Neonates, infants born prematurely, those with low birth weight, those with an unstable gastrointestinal function or who have serious illnesses may require special consideration. For any infant, if a drug is prescribed to the nursing mother, it should be at the lowest practical dose and for the shortest time. When drug administration is unavoidable and breastfeeding is to continue, minimisation of exposure of the infant to the drug may sometimes be achieved by timing the maternal doses to just after a feeding episode. Infants exposed to drugs via breast milk should be monitored for unusual signs or symptoms.
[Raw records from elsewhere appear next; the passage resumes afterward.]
(* Let $P$ be a finite bipartite poset with partition sets $X,Y\subset P$, such that every non-identity morphism of $P$ goes from an element of $X$ to an element of $Y$. Let $C$ be a model category with finite coproducts and $F\colon P\to C$ a diagram valued in cofibrant objects. Assume that for all $y\in P$ the morphism \[\coprod_{\alpha\colon x\to y \in X/y}F(\alpha)\colon \coprod_{\alpha\colon x\to y \in X/y}F(x) \longrightarrow F(y)\] is a cofibration in $C$, where $X/y=X\times_P P/y$ is the relative over-category. Then $F$ is a cofibrant object of $\operatorname{Fun}(P,C)$ with the projective model structure (weak equivalences and fibrations defined objectwise). In particular, the colimit of $F$ coincides with the homotopy colimit of $F$. *)

From HB Require Import structures.
From mathcomp Require Import all_boot order.

Set Implicit Arguments. Unset Strict Implicit. Unset Printing Implicit Defensive.
Import Order.TTheory.

Record Category := {
  ob :> Type;
  hom : ob -> ob -> Type;
  idm : forall a, hom a a;
  mcomp : forall a b e, hom b e -> hom a b -> hom a e;
  comp_assoc : forall a b e k (h : hom e k) (g : hom b e) (f : hom a b),
      mcomp h (mcomp g f) = mcomp (mcomp h g) f;
  comp_id_l : forall a b (f : hom a b), mcomp (idm b) f = f;
  comp_id_r : forall a b (f : hom a b), mcomp f (idm a) = f }.
Arguments hom {c} _ _.
Arguments idm {c} _.
Arguments mcomp {c a b e} _ _.

Section CatDefs.
Variable C : Category.

Definition MorClass := forall a b : C, hom a b -> Prop.

Definition is_coproduct (I : Type) (A : I -> C) (S : C) (inj : forall i, hom (A i) S) :=
  forall (T : C) (f : forall i, hom (A i) T),
    exists! u : hom S T, forall i, mcomp u (inj i) = f i.
Definition is_product (I : Type) (A : I -> C) (S : C) (pr : forall i, hom S (A i)) :=
  forall (T : C) (f : forall i, hom T (A i)),
    exists! u : hom T S, forall i, mcomp (pr i) u = f i.
Definition is_pushout (a b c : C) (f : hom a b) (g : hom a c)
    (Q : C) (i1 : hom b Q) (i2 : hom c Q) :=
  mcomp i1 f = mcomp i2 g /\
  forall (T : C) (u1 : hom b T) (u2 : hom c T), mcomp u1 f = mcomp u2 g ->
    exists! u : hom Q T, mcomp u i1 = u1 /\ mcomp u i2 = u2.
Definition is_pullback (a b c : C) (f : hom b a) (g : hom c a)
    (Q : C) (p1 : hom Q b) (p2 : hom Q c) :=
  mcomp f p1 = mcomp g p2 /\
  forall (T : C) (u1 : hom T b) (u2 : hom T c), mcomp f u1 = mcomp g u2 ->
    exists! u : hom T Q, mcomp p1 u = u1 /\ mcomp p2 u = u2.

Definition is_initial (z : C) := forall a : C, exists! u : hom z a, True.

Definition has_llp (a b x y : C) (i : hom a b) (p : hom x y) :=
  forall (top : hom a x) (bot : hom b y), mcomp p top = mcomp bot i ->
    exists l : hom b x, mcomp l i = top /\ mcomp p l = bot.

Definition is_retract (a b c e : C) (f : hom a b) (g : hom c e) :=
  exists (i : hom a c) (r : hom c a) (j : hom b e) (s : hom e b),
    mcomp r i = idm a /\ mcomp s j = idm b /\
    mcomp g i = mcomp j f /\ mcomp f r = mcomp s g.

Definition closed_cat (K : MorClass) :=
  (forall a, K a a (idm a)) /\
  (forall a b c (f : hom a b) (g : hom b c), K _ _ f -> K _ _ g -> K _ _ (mcomp g f)).
Definition closed_retract (K : MorClass) :=
  forall a b c e (f : hom a b) (g : hom c e), is_retract f g -> K _ _ g -> K _ _ f.
End CatDefs.

Record ModelCategory := {
  mc_cat :> Category;
  W : MorClass mc_cat;
  Fib : MorClass mc_cat;
  Cof : MorClass mc_cat;
  mc_coprod : forall (I : finType) (A : I -> mc_cat),
      exists S inj, @is_coproduct mc_cat I A S inj;
  mc_prod : forall (I : finType) (A : I -> mc_cat),
      exists S pr, @is_product mc_cat I A S pr;
  mc_pushout : forall (a b c : mc_cat) (f : hom a b) (g : hom a c),
      exists Q i1 i2, is_pushout f g (Q := Q) i1 i2;
  mc_pullback : forall (a b c : mc_cat) (f : hom b a) (g : hom c a),
      exists Q p1 p2, is_pullback f g (Q := Q) p1 p2;
  mc_W_cat : closed_cat W; mc_Fib_cat : closed_cat Fib; mc_Cof_cat : closed_cat Cof;
  mc_2of3 : forall a b c (f : hom a b) (g : hom b c),
      (W f -> W g -> W (mcomp g f)) /\
      (W f -> W (mcomp g f) -> W g) /\
      (W g -> W (mcomp g f) -> W f);
  mc_W_retract : closed_retract W; mc_Fib_retract : closed_retract Fib;
  mc_Cof_retract : closed_retract Cof;
  mc_lift1 : forall a b x y (i : hom a b) (p : hom x y),
      Cof i -> Fib p -> W p -> has_llp i p;
  mc_lift2 : forall a b x y (i : hom a b) (p : hom x y),
      Cof i -> W i -> Fib p -> has_llp i p;
  mc_fact1 : forall a b (f : hom a b), exists c (i : hom a c) (p : hom c b),
      f = mcomp p i /\ Cof i /\ W i /\ Fib p;
  mc_fact2 : forall a b (f : hom a b), exists c (i : hom a c) (p : hom c b),
      f = mcomp p i /\ Cof i /\ Fib p /\ W p }.
Arguments W {m a b} _.
Arguments Fib {m a b} _.
Arguments Cof {m a b} _.

Definition cofibrant (M : ModelCategory) (A : M) :=
  forall (z : M) (u : hom z A), is_initial z -> Cof u.

Record diagram d (P : porderType d) (C : Category) := {
  dob :> P -> C;
  dmap : forall x y : P, (x <= y)%O -> hom (dob x) (dob y);
  dmap_id : forall x (h : (x <= x)%O), dmap h = idm (dob x);
  dmap_comp : forall x y z (h1 : (x <= y)%O) (h2 : (y <= z)%O) (h3 : (x <= z)%O),
      dmap h3 = mcomp (dmap h2) (dmap h1) }.

Record nattrans d (P : porderType d) (C : Category) (F G : diagram P C) := {
  ncomp :> forall x : P, hom (F x) (G x);
  nnat : forall (x y : P) (h : (x <= y)%O),
      mcomp (dmap G h) (ncomp x) = mcomp (ncomp y) (dmap F h) }.

(* Cofibrancy in Fun(P, M) with the projective model structure: cofibrations are
   the maps with the left lifting property against objectwise trivial fibrations,
   so F is cofibrant iff every map from F into the target of an objectwise
   trivial fibration lifts through it (0 -> F has the LLP). Equality of natural
   transformations is componentwise. *)
Definition proj_cofibrant d (P : porderType d) (M : ModelCategory) (F : diagram P M) :=
  forall (G H : diagram P M) (p : nattrans G H) (f : nattrans F H),
    (forall x, Fib (p x) /\ W (p x)) ->
    exists g : nattrans F G, forall x, mcomp (p x) (g x) = f x.

Definition slice d (P : finPOrderType d) (X : {set P}) (y : P) :=
  {x : P | (x \in X) && (x <= y)%O}.
Definition slice_le d (P : finPOrderType d) (X : {set P}) (y : P)
    (a : slice X y) : (sval a <= y)%O :=
  proj2 (elimT andP (svalP a)).

(* A map F -> H lifts through an objectwise trivial fibration p : G -> H as
   soon as components g x can be chosen compatibly.  Every strict relation of
   P goes from X to Y, so it suffices to lift on each F x by cofibrancy, and
   then, for each y, to lift once more on F y relative to the latching object
   coprod_{X/y} F x: the latching map being a cofibration, the new lift g y
   extends the ones already chosen on X/y, which is exactly naturality. *)
From mathcomp Require Import all_boot order.
From Stdlib Require Import IndefiniteDescription.

Set Implicit Arguments. Unset Strict Implicit. Unset Printing Implicit Defensive.
Import Order.TTheory.

Lemma dependent_choice (A : Type) (B : A -> Type) (R : forall x, B x -> Prop) :
  (forall x, exists y, R x y) -> exists f : forall x, B x, forall x, R x (f x).
Proof.
move=> hR; exists (fun x => proj1_sig (constructive_indefinite_description _ (hR x))).
by move=> x; exact: proj2_sig.
Qed.

Lemma initial_unique (C : Category) (z a : C) (u v : hom z a) :
  is_initial z -> u = v.
Proof. by move=> /(_ a) [w [_ hw]]; rewrite -(hw u I) -(hw v I). Qed.

Lemma coproduct_hom_ext (C : Category) (I : Type) (A : I -> C) (S T : C)
    (inj : forall i, hom (A i) S) (u v : hom S T) :
  is_coproduct inj -> (forall i, mcomp u (inj i) = mcomp v (inj i)) -> u = v.
Proof.
move=> /(_ T (fun i => mcomp v (inj i))) [w [_ hw]] huv.
by rewrite -(hw u huv) -(hw v (fun=> erefl)).
Qed.

Section ModelCategoryLifts.
Variable M : ModelCategory.

Lemma exists_initial : exists z : M, is_initial z.
Proof.
have [S [inj cop]] := @mc_coprod M void (fun v : void => match v return M with end).
exists S => a; case: (cop a (fun v : void => match v return hom _ a with end)).
by move=> u [_ hu]; exists u; split => // v _; apply: hu => -[].
Qed.

Lemma cofibrant_lift (A E B : M) (p : hom E B) (f : hom A B) :
  cofibrant A -> Fib p -> W p -> exists l : hom A E, mcomp p l = f.
Proof.
move=> cofA fibp wp; have [z hz] := exists_initial.
have [[u _] [top _]] := (hz A, hz E).
have [l [_ hl]] := mc_lift1 (cofA z u hz) fibp wp
  (top := top) (bot := f) (initial_unique _ _ hz).
by exists l.
Qed.

Lemma cofibration_copair_lift (I : Type) (A : I -> M) (S B E Z : M)
    (inj : forall i, hom (A i) S) (u : hom S B) (a : forall i, hom (A i) B)
    (p : hom E Z) (f : hom B Z) (e : forall i, hom (A i) E) :
  is_coproduct inj -> (forall i, mcomp u (inj i) = a i) ->
  Cof u -> Fib p -> W p -> (forall i, mcomp p (e i) = mcomp f (a i)) ->
  exists l : hom B E, mcomp p l = f /\ forall i, mcomp l (a i) = e i.
Proof.
move=> cop hu cofu fibp wp hpe.
have [top [htop _]] := cop E e.
have square : mcomp p top = mcomp f u.
  apply: (coproduct_hom_ext cop) => i.
  by rewrite -!comp_assoc htop hu hpe.
have [l [hlu hpl]] := mc_lift1 cofu fibp wp square.
by exists l; split => // i; rewrite -hu comp_assoc hlu htop.
Qed.

End ModelCategoryLifts.

Lemma natural_of_lt d (P : porderType d) (C : Category) (F G : diagram P C)
    (g : forall x, hom (F x) (G x)) :
  (forall x y (h : (x <= y)%O), (x < y)%O ->
     mcomp (dmap G h) (g x) = mcomp (g y) (dmap F h)) ->
  forall x y (h : (x <= y)%O), mcomp (dmap G h) (g x) = mcomp (g y) (dmap F h).
Proof.
move=> hlt x y h; have := h; rewrite le_eqVlt => /orP [/eqP exy | lxy].
  by subst y; rewrite !dmap_id comp_id_l comp_id_r.
exact: hlt.
Qed.

Section LatchingLift.
Variables (M : ModelCategory) (d : Order.disp_t) (P : finPOrderType d).
Variables (X : {set P}) (F G H : diagram P M) (p : nattrans G H) (f : nattrans F H).
Hypothesis hp : forall x, Fib (p x) /\ W (p x).

Lemma latching_lift (y : P) (g : forall x, hom (F x) (G x)) :
  (forall x, mcomp (p x) (g x) = f x) ->
  (forall (S : M) (inj : forall a : slice X y, hom (F (sval a)) S),
      is_coproduct inj -> forall u : hom S (F y),
      (forall a, mcomp u (inj a) = dmap F (slice_le a)) -> Cof u) ->
  exists l : hom (F y) (G y), mcomp (p y) l = f y /\
    forall a : slice X y,
      mcomp l (dmap F (slice_le a)) = mcomp (dmap G (slice_le a)) (g (sval a)).
Proof.
move=> hg hlatch.
have [S [inj cop]] := mc_coprod (fun a : slice X y => F (sval a)).
have [u [hu _]] := cop (F y) (fun a => dmap F (slice_le a)).
have [fibp wp] := hp y.
apply: (cofibration_copair_lift cop hu (hlatch S inj cop u hu) fibp wp) => a.
by rewrite comp_assoc -nnat -comp_assoc hg nnat.
Qed.

End LatchingLift.

Theorem lemma6p21 (M : ModelCategory) (d : Order.disp_t) (P : finPOrderType d)
  (X Y : {set P})
  (hdisj : X :&: Y = set0) (hcover : X :|: Y = setT)
  (hbip : forall x y : P, (x < y)%O -> x \in X /\ y \in Y)
  (F : diagram P M)
  (hcofob : forall x : P, cofibrant (F x))
  (hlatch : forall (y : P) (S : M) (inj : forall a : slice X y, hom (F (sval a)) S),
      @is_coproduct M (slice X y) (fun a : slice X y => F (sval a)) S inj ->
      forall u : hom S (F y),
        (forall a : slice X y, mcomp u (inj a) = dmap F (slice_le a)) ->
        Cof u) :
  proj_cofibrant F.
Proof.
move=> G H p f hp.
have [g0 hg0] := dependent_choice (fun x =>
  cofibrant_lift (f x) (hcofob x) (hp x).1 (hp x).2).
have [g hg] := dependent_choice (fun y => latching_lift hp hg0 (hlatch y)).
have hslice x y (hx : x \in X) (h : (x <= y)%O) :
    mcomp (g y) (dmap F h) = mcomp (dmap G h) (g0 x).
  have hxy : (x \in X) && (x <= y)%O by rewrite hx h.
  have := (hg y).2 (exist _ x hxy).
  by have -> : slice_le (exist _ x hxy) = h by exact: eq_irrelevance.
(* X/x contains x itself, so g agrees with g0 on X. *)
have gX x (hx : x \in X) : g x = g0 x.
  by have := hslice x x hx (lexx x); rewrite !dmap_id comp_id_l comp_id_r.
have natg : forall x y (h : (x <= y)%O),
    mcomp (dmap G h) (g x) = mcomp (g y) (dmap F h).
  apply: natural_of_lt => x y h /(hbip x y) [hx _].
  by rewrite gX // hslice.
by exists (Build_nattrans natg) => x; exact: (hg x).1.
Qed.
Interactions between the drug received by the infant from the mother's milk and medication prescribed for the infant should also be considered, for example, when the drug given to the infant may prevent metabolism of the drug received via breast milk.
Specialist advice is available from the UK Drugs in Lactation Advisory Service at https://www.midlandsmedicines.nhs.uk/content.asp?section=6&subsection=17&pageIdx=1

Side Effects

Agitation
Allergic reaction
Anaphylactic reaction
Anaphylactoid reaction
Dehydration
Depression
Diarrhoea
Exacerbation of epilepsy
Gastrointestinal disorder
Insomnia
Nausea
Pyrexia
Sleep disturbances
Urticaria
Vomiting

Overdosage

It is strongly recommended that the UK National Poisons Information Service be consulted on cases of suspected or actual overdose where there is doubt over the degree of risk or about appropriate management.

The following number will direct the caller to the relevant local centre (0844) 892 0111

Information may be obtained if you have access to ToxBase the primary clinical toxicology database of the National Poisons Information Service. This is available via password on the internet ( https://www.toxbase.org/ ) or if this is unavailable at the backup site ( https://www.TOXBASEbackup.org/ ).

Further Information

Last Full Review Date: May 2017

Reference Sources

Drugs in Pregnancy and Lactation: A Reference Guide to Fetal and Neonatal Risk, 10th edition (2015) ed. Briggs, G., Freeman, R. Wolters Kluwer Health, Philadelphia.

Summary of Product Characteristics: Calcium Folinate 15 mg Tablets. Generics UK T/A Mylan. Revised August 2016.

Summary of Product Characteristics: Calcium Folinate 15 mg Tablets. Hospira UK Ltd. Revised July 2016.

Summary of Product Characteristics: Refolinon Tablets. Pfizer Limited. Revised November 2016.